By the numbers, a small request
PFAS are a group of about 5,000 synthetic compounds used to make water- and grease-resistant products found in nonstick cookware, firefighting foam, water-repellent clothing, lubricants, stain-resistant carpets, paints, cosmetics and fast-food packing.
Last summer, Chemours, as part of its consent order agreement with North Carolina, showed that its Fayetteville Works Facility was releasing more than 250 unknown compounds into the Cape Fear River.
Drake Phelps is a scientific adviser to the group of petitioners, which include the Center for Environmental Health, Cape Fear River Watch, Clean Cape Fear, North Carolina Black Alliance, Democracy Green and Toxic Free NC.
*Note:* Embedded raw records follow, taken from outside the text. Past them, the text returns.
(* Let $n,k\ge 1$ and let $\mathfrak{a}\in\mathcal{A}_n^k$ be such that $\mathrm{Der}_k(\mathfrak{a})$ is nonempty. Then: 1) $t_1(\mathfrak{a})=t_2(\mathfrak{a})$, and, listing the slots of type I or type II in increasing order of their index, their types alternate, beginning with a slot of type I; 2) $\mathrm{des}(\mathfrak{a})=\mathrm{des}(\mathrm{Der}_k(\mathfrak{a}))+t_1^{+}(\mathfrak{a})+t_3^{+}(\mathfrak{a})$ and $\mathrm{dez}(\mathfrak{a})=\mathrm{des}(\mathrm{Der}_k(\mathfrak{a}))+t_2^{+}(\mathfrak{a})+t_3^{+}(\mathfrak{a})$.
   Context: $\mathfrak{S}_n$ is the set of permutations of $[n]=\{1,\dots,n\}$; $\mathrm{FIX}(\pi)=\{i:\pi(i)=i\}$. For $k\ge1$, a $k$-arrangement of $[n]$ is a pair $\mathfrak{a}=(\pi,\phi)$ with $\pi\in\mathfrak{S}_n$ and $\phi:\mathrm{FIX}(\pi)\to\{-1,\dots,-k\}$ arbitrary; $\mathcal{A}_n^k$ is the set of them. The positive reduction of an integer word replaces every occurrence of its $i$-th smallest positive letter by $i$ (negative letters unchanged). The derangement form $\mathrm{df}_k(\mathfrak{a})$ is obtained from $\pi(1)\cdots\pi(n)$ by replacing $\pi(i)$ with $\phi(i)$ for each $i\in\mathrm{FIX}(\pi)$ and then applying positive reduction; the permutation form $\mathrm{pf}_k(\mathfrak{a})$ is obtained likewise, replacing only for $i\in\mathrm{FIX}(\pi)$ with $\phi(i)\ne-k$. For an integer word $w=w_1\cdots w_n$, $\mathrm{des}(w)=|\{i\in[n-1]:w_i>w_{i+1}\}|$; $\mathrm{des}(\mathfrak{a})=\mathrm{des}(\mathrm{pf}_k(\mathfrak{a}))$ and $\mathrm{dez}(\mathfrak{a})=\mathrm{des}(\mathrm{df}_k(\mathfrak{a}))$. The weak derangement part $\mathrm{Der}_k(\mathfrak{a})$ is the word obtained from $\mathrm{df}_k(\mathfrak{a})$ by deleting all letters $-k$; say it is $w=w_1\cdots w_m$. It is the derangement form of a unique $k$-arrangement $(\sigma,\phi')$ of $[m]$ with $\phi'$ never taking the value $-k$; its excedance word is $\mathbf{e}(w)=e_1\cdots e_m$ where $e_j=E$ if $\sigma(j)>j$ and $e_j=N$ if $\sigma(j)\le j$. (Equivalently, if $w_j$ comes from the letter at position $i_j$ of $\pi$, then $e_j=E$ iff $\pi(i_j)>i_j$.) Write $\mathrm{df}_k(\mathfrak{a})=S_0w_1S_1w_2\cdots S_{m-1}w_mS_m$, where each slot $S_i$ ($0\le i\le m$) is a possibly empty block of letters $-k$. Set $w_0=w_{m+1}=+\infty$ and $e_0=e_{m+1}=E$. The slot $S_i$ is of type I if $w_i>w_{i+1}$ and $(e_i,e_{i+1})=(E,N)$; type II if $w_i\le w_{i+1}$ and $(e_i,e_{i+1})=(N,E)$; type III if $w_i\le w_{i+1}$ and $(e_i,e_{i+1})\ne(N,E)$; type IV if $w_i>w_{i+1}$ and $(e_i,e_{i+1})\ne(E,N)$. $t_j(\mathfrak{a})$ is the number of slots (empty or not) of type $j$ ($j=1,2,3,4$ for I, II, III, IV), and $t_j^+(\mathfrak{a})$ the number of nonempty slots of type $j$. *)

From mathcomp Require Import all_boot all_order all_algebra all_fingroup.
Set Implicit Arguments. Unset Strict Implicit. Unset Printing Implicit Defensive.
Import Order.TTheory GRing.Theory Num.Theory.
Local Open Scope ring_scope.

(* A k-arrangement of [n] is encoded by (pi, phi) with pi : 'S_n a
   permutation of 'I_n = {0,..,n-1} (position/value i stands for i+1), and
   phi : {ffun 'I_n -> 'I_k}; only the restriction of phi to FIX(pi) is
   used.  The value j : 'I_k stands for the negative letter -(j+1), so
   the letter -k corresponds to val j = k.-1. *)

Definition negletter (k : nat) (j : 'I_k) : int := - ((val j).+1)%:Z.

Definition posred (w : seq int) : seq int :=
  [seq (if 0 < x then (size (undup [seq y <- w | (0 < y) && (y <= x)]))%:Z
        else x) | x <- w].

Definition des (w : seq int) : nat :=
  count (fun p : int * int => p.2 < p.1) (zip w (behead w)).

Definition df (n k : nat) (pi : 'S_n) (phi : {ffun 'I_n -> 'I_k}) : seq int :=
  posred [seq (if pi i == i then negletter (phi i)
               else ((val (pi i)).+1)%:Z) | i <- enum 'I_n].

Definition pf (n k : nat) (pi : 'S_n) (phi : {ffun 'I_n -> 'I_k}) : seq int :=
  posred [seq (if (pi i == i) && (val (phi i) != k.-1) then negletter (phi i)
               else ((val (pi i)).+1)%:Z) | i <- enum 'I_n].

Definition des_arr n k (pi : 'S_n) (phi : {ffun 'I_n -> 'I_k}) : nat :=
  des (pf pi phi).
Definition dez_arr n k (pi : 'S_n) (phi : {ffun 'I_n -> 'I_k}) : nat :=
  des (df pi phi).

Definition Der n k (pi : 'S_n) (phi : {ffun 'I_n -> 'I_k}) : seq int :=
  [seq x <- df pi phi | x != - (k%:Z)].

Definition der_pos n k (pi : 'S_n) (phi : {ffun 'I_n -> 'I_k}) : seq 'I_n :=
  [seq i <- enum 'I_n | ~~ ((pi i == i) && (val (phi i) == k.-1))].

(* excedance word of Der: true = E, false = N  (e_j = E iff pi(i_j) > i_j) *)
Definition exc_word n k (pi : 'S_n) (phi : {ffun 'I_n -> 'I_k}) : seq bool :=
  [seq (val i < val (pi i))%N | i <- der_pos pi phi].

(* sizes of the slots S_0, ..., S_m of a word, where c is the letter -k *)
Fixpoint slot_sizes (c : int) (s : seq int) : seq nat :=
  match s with
  | [::] => [:: 0%N]
  | x :: s' => let r := slot_sizes c s' in
               if x == c then (head 0%N r).+1 :: behead r else 0%N :: r
  end.

(* w_i with sentinels w_0 = w_{m+1} = +oo (None) *)
Definition wx (w : seq int) (i : nat) : option int :=
  if (i == 0%N) || (size w < i)%N then None else Some (nth 0 w i.-1).
(* e_i with sentinels e_0 = e_{m+1} = E (true) *)
Definition ex (e : seq bool) (i : nat) : bool :=
  if (i == 0%N) || (size e < i)%N then true else nth true e i.-1.
Definition gtx (a b : option int) : bool :=
  match a, b with
  | None, None => false
  | None, Some _ => true
  | Some _, None => false
  | Some x, Some y => y < x
  end.

(* type of slot S_i: 1 = I, 2 = II, 3 = III, 4 = IV *)
Definition slot_type (w : seq int) (e : seq bool) (i : nat) : nat :=
  let a := ex e i in let b := ex e i.+1 in
  if gtx (wx w i) (wx w i.+1) then (if a && ~~ b then 1%N else 4%N)
  else (if ~~ a && b then 2%N else 3%N).

Definition arr_slot_type n k (pi : 'S_n) (phi : {ffun 'I_n -> 'I_k}) (i : nat)
  : nat := slot_type (Der pi phi) (exc_word pi phi) i.

Definition slot_idx n k (pi : 'S_n) (phi : {ffun 'I_n -> 'I_k}) : seq nat :=
  iota 0 (size (Der pi phi)).+1.

Definition tcount n k (pi : 'S_n) (phi : {ffun 'I_n -> 'I_k}) (j : nat) : nat :=
  count (fun i => arr_slot_type pi phi i == j) (slot_idx pi phi).

Definition tplus n k (pi : 'S_n) (phi : {ffun 'I_n -> 'I_k}) (j : nat) : nat :=
  count (fun i => (arr_slot_type pi phi i == j) &&
                  (0 < nth 0 (slot_sizes (- (k%:Z)) (df pi phi)) i)%N)
        (slot_idx pi phi).

Definition typeI_II_seq n k (pi : 'S_n) (phi : {ffun 'I_n -> 'I_k}) : seq nat :=
  [seq arr_slot_type pi phi i | i <- slot_idx pi phi &
     arr_slot_type pi phi i \in [:: 1%N; 2%N]].

From mathcomp Require Import all_boot all_order all_algebra all_fingroup.
From mathcomp Require Import zify.
Set Implicit Arguments. Unset Strict Implicit. Unset Printing Implicit Defensive.
Import Order.TTheory GRing.Theory Num.Theory.

(* Positive reduction preserves all comparisons, so both identities can be read on
   the unreduced words, where the letters -k lie below all other letters.  In the
   derangement form a nonempty slot S_i contributes the descent w_i > -k instead of
   the comparison w_i > w_(i+1), i.e. one extra descent exactly for types II and III.
   In the permutation form a nonempty S_i is a run of consecutive fixed points, read
   as increasing positions, and contributes [e_i = E] + [e_(i+1) = N] descents
   instead.  Only fixed points lie between the positions of w_i and w_(i+1), which
   forces an (E,N) pair to be a descent and an (N,E) pair an ascent; so the extra
   descents come from types I and III, and the slots of types I and II are exactly
   the switches E -> N and N -> E of the word E e_1 ... e_m E, which alternate. *)

Lemma des_cons a b u : des [:: a, b & u] = ((b < a)%R + des (b :: u))%N.
Proof. by []. Qed.

Lemma des_map_cons T (f : T -> int) x y s :
  des (map f [:: x, y & s]) = ((f y < f x)%R + des (map f (y :: s)))%N.
Proof. by []. Qed.

Lemma count_zip_nth S T (x0 : S) (y0 : T) (a : pred (S * T)) s t :
  size s = size t ->
  count a (zip s t) = count (fun i => a (nth x0 s i, nth y0 t i)) (iota 0 (size s)).
Proof.
move=> st; have zs : size (zip s t) = size s by rewrite size1_zip ?st.
rewrite -[zip s t](take_size) -zs -(map_nth_iota0 (x0, y0)) // count_map zs.
by apply: eq_count => i /=; rewrite nth_zip.
Qed.

Lemma size_slot_sizes c u :
  size (slot_sizes c u) = (size [seq x <- u | x != c]).+1.
Proof.
by elim: u => //= x u IH; case: eqP => _ /=; rewrite ?size_behead IH.
Qed.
“These are compounds that Chemours themselves doesn’t appear to know what they are, and this is for a variety of reasons,” said Phelps, a doctoral candidate at North Carolina State University studying how PFAS suppress the immune systems in fish and humans and a member of Clean Cape Fear. “It may be technical issues identifying them. It could be that they are very complex structurally or chemically complex. It just goes to show that this is an immense problem that our petition is a subset of 54 (PFAS), but really, this is huge.”
The petition originally submitted last October asks the EPA by authority under the Toxic Substances Control Act, or TSCA, to order Chemours to fund testing by independent scientists on 54 PFAS manufactured at the Fayetteville plant and have been found in human blood, drinking water, groundwater, soil, air and crops grown adjacent to and downstream of the plant.
PFAS have been released into the Cape Fear River, a water source for nearly 300,000 residents, for decades, a fact brought to the public’s attention in 2017 in an article published by the Wilmington Star-News.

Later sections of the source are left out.